L'émancipation dans un monde capitaliste
Fondamental : Réparer les règles, c'est légitimer le système
Dénoncer les pratiques des entreprises ou pointer les manquements des réglementations revient en réalité à une forme d'acceptation, tout comme celle qui nous a fait accepter le capitalisme parce qu'il a créé le consumérisme et que les réglementations n'ont jamais eu d'autre effet que de tenter de freiner ses excès, uniquement.
Masutti, 2020[1], p. 406
Remarque : Capitalisme et automatisation : suite ou fin ?
Pour Bernard Stiegler, l'économie capitaliste est le fruit d'un mouvement d'automatisation, qui a d'abord permis de gagner en productivité et de redistribuer une partie des gains pour stimuler la consommation, d'où est né le consumérisme.
L'automatisation a des effets concrets (prolétarisation) : les savoirs-faire incorporés se perdent dans les machines et se réduisent à des automatismes.
L'automatisation s'accélère aujourd'hui, en particulier avec l'explosion des systèmes à base de machine learning : le secteur tertiaire est lui aussi touché.
L'automatisation ne s'arrête pas au travail : le marketing, via les pratiques de surveillance, tend à déterminer de plus en plus les choix des consommateurs, les privant ainsi de liberté.
Stiegler spécule qu'à un moment (reste à savoir lequel...), l'automatisation aura atteint de telles limites qu'elle ne permettra plus de redistribution : le capitalisme s'effondrera.
Attention : Il n'y a pas de frontière entre dedans et dehors
Ce qui est difficile, c'est que les choses ne sont pas binaires. Stiegler semble suggérer que le consumérisme et les technologies du capitalisme annihilent la production de connaissances et le libre-arbitre. Pourtant, même sur Facebook on voit des mouvements s'organiser, réfléchir et produire des connaissances. C'est précisément ce que suggérait Fogg en parlant de captologie : « ma mère peut créer un groupe sur Facebook et influencer des centaines, des milliers, voire des millions de personnes » ( Fogg, 2012[2]).
Remarque : L'utopie est déjà là
La gestion communautaire et auto-organisée de ressources (eau, terres, logiciel, encyclopédie...) n'est pas nouvelle. Elinor Ostrom, prix Nobel d'économie en 2009, montre avec des exemples s'étendant sur plus de mille ans comment des individus parviennent à s'auto-organiser pour gérer des Communs, hors des solutions préconisées par la science économique de l’époque (l'état fort ou la privatisation). Elle donne tort à une longue lignée de philosophes et d'économistes (voir « tragédie des communs ») ( Ostrom, 1990[3]).

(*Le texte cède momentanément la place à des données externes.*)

Theorem corollary1 (F : archiClosedFieldType) (n p q N : nat)
    (A : 'M[F]_n) (B : 'M[F]_(n, p)) (C : 'M[F]_(q, n))
    (K : 'M[F]_(p, n)) (L : 'M[F]_(n, q))
    (E : rel 'I_N) (D : 'M[F]_N) (lam : 'I_N.-1 -> F) :
  real_mx A -> real_mx B -> real_mx C -> real_mx K -> real_mx L ->
  schur_stable (A + B *m K) ->
  has_spanning_tree E ->
  row_stochastic_of E D ->
  char_poly D = ('X - 1%:P) * \prod_(i < N.-1) ('X - (lam i)%:P) ->
  (forall i, `|lam i| < 1) ->
  (forall i, schur_stable (A + (1 - lam i) *: (L *m C))) ->
  forall x v : nat -> 'I_N -> 'cV[F]_n,
    (forall i, real_mx (x 0%N i)) -> (forall i, real_mx (v 0%N i)) ->
    protocol_traj A B C K L D x v ->
    forall i j : 'I_N, tends_to_0 (fun k => vnorm (x k i - x k j)).
Proof.
case: N E D lam => [|N] E D lam; first by move=> _ _ _ _ _ _ _ _ _ _ _ x v _ _ _ [].
move=> _ _ _ _ _ stableABK _ [_ _ _ _ Drow] chiD _ stableS x v _ _ traj i j.
pose e k i := v k i - x k i.
have stable_rel mu : eigenvalue (@reduced_mx F N D) mu ->
    schur_stable (A + (1 - mu) *: (L *m C)).
  by case/(eigenvalue_row_stochastic_reduced Drow chiD) => l ->.
have rel_e : mx_tends_to_0 (fun k => rel_mx (e k)).
  apply: (coupled_rec_tends_to_0 stable_rel) => k.
  exact: rel_mx_rec Drow (observer_error_rec traj k).
have diff_x : mx_tends_to_0 (fun k => x k i - x k j).
  apply: (schur_stable_rec_tends_to_0 stableABK (mx_tends_to_0_mull (B *m K) _)).
    exact: rel_mx_tends_to_0 rel_e i j.
  by move=> k; apply: state_diff_rec traj k i j.
exact: vnorm_tends_to_0 diff_x.
Qed.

Méthode : Prérequis techniques
Masutti propose trois conditions pour limiter radicalement les pratiques du capitalisme de surveillance :
Chiffrement de bout en bout ;
Neutralité du net ;
Fédération généralisée.
Fondamental : « Code is law »
Les institutions publiques s'adaptent là où les pratiques le mènent, par la force des choses. Le refus, lui, ne peut-être qu'idéologique.
Masutti, 2020[1], p. 422
Dans une lutte contre le capitalisme de surveillance, il ne peut y avoir de salut dans la revendication individuelle mais dans la construction d'alternatives de réappropriation collectives des connaissances, des technologies et, plus généralement, des communs, fondées sur le partage et la solidarité. Autrement dit, la lutte contre le capitalisme de surveillance ne peut être décrorrélée d'une lutte économique et sociale.
Masutti, 2020[1], p. 435
Fondamental : Incarner, c'est la meilleure manière de transmettre
Les alternatives les plus transformatrices sont celles structurées autour de collectifs dont le fonctionnement interne représente un imaginaire désirable. La sociologue Marianne Maeckelbergh parle de préfiguration. Avec les mots du géographe Simon Springer, dans un article à charge contre le néolibéralisme :
Préfigurer, c’est rejeter le centrisme, la hiérarchie et l’autorité associés à la politique représentative, en soulignant la pratique incarnée des relations horizontales et des formes organisationnelles qui s’efforcent de refléter la société future que nous recherchons. [...] Préfigurer c’est embrasser la convivialité et la joie qui émanent d’être rassemblés comme égaux radicaux ; non pas comme des soldats au front ni comme le prolétariat sur la voie de la promesse transcendantale et vide de l’utopie ou du « non lieu », mais comme l’immanence enracinée de l’ici et maintenant, de la fabrique d’un nouveau monde « dans la coquille du vieux », du travail constant et de la réaffirmation que tout cela implique.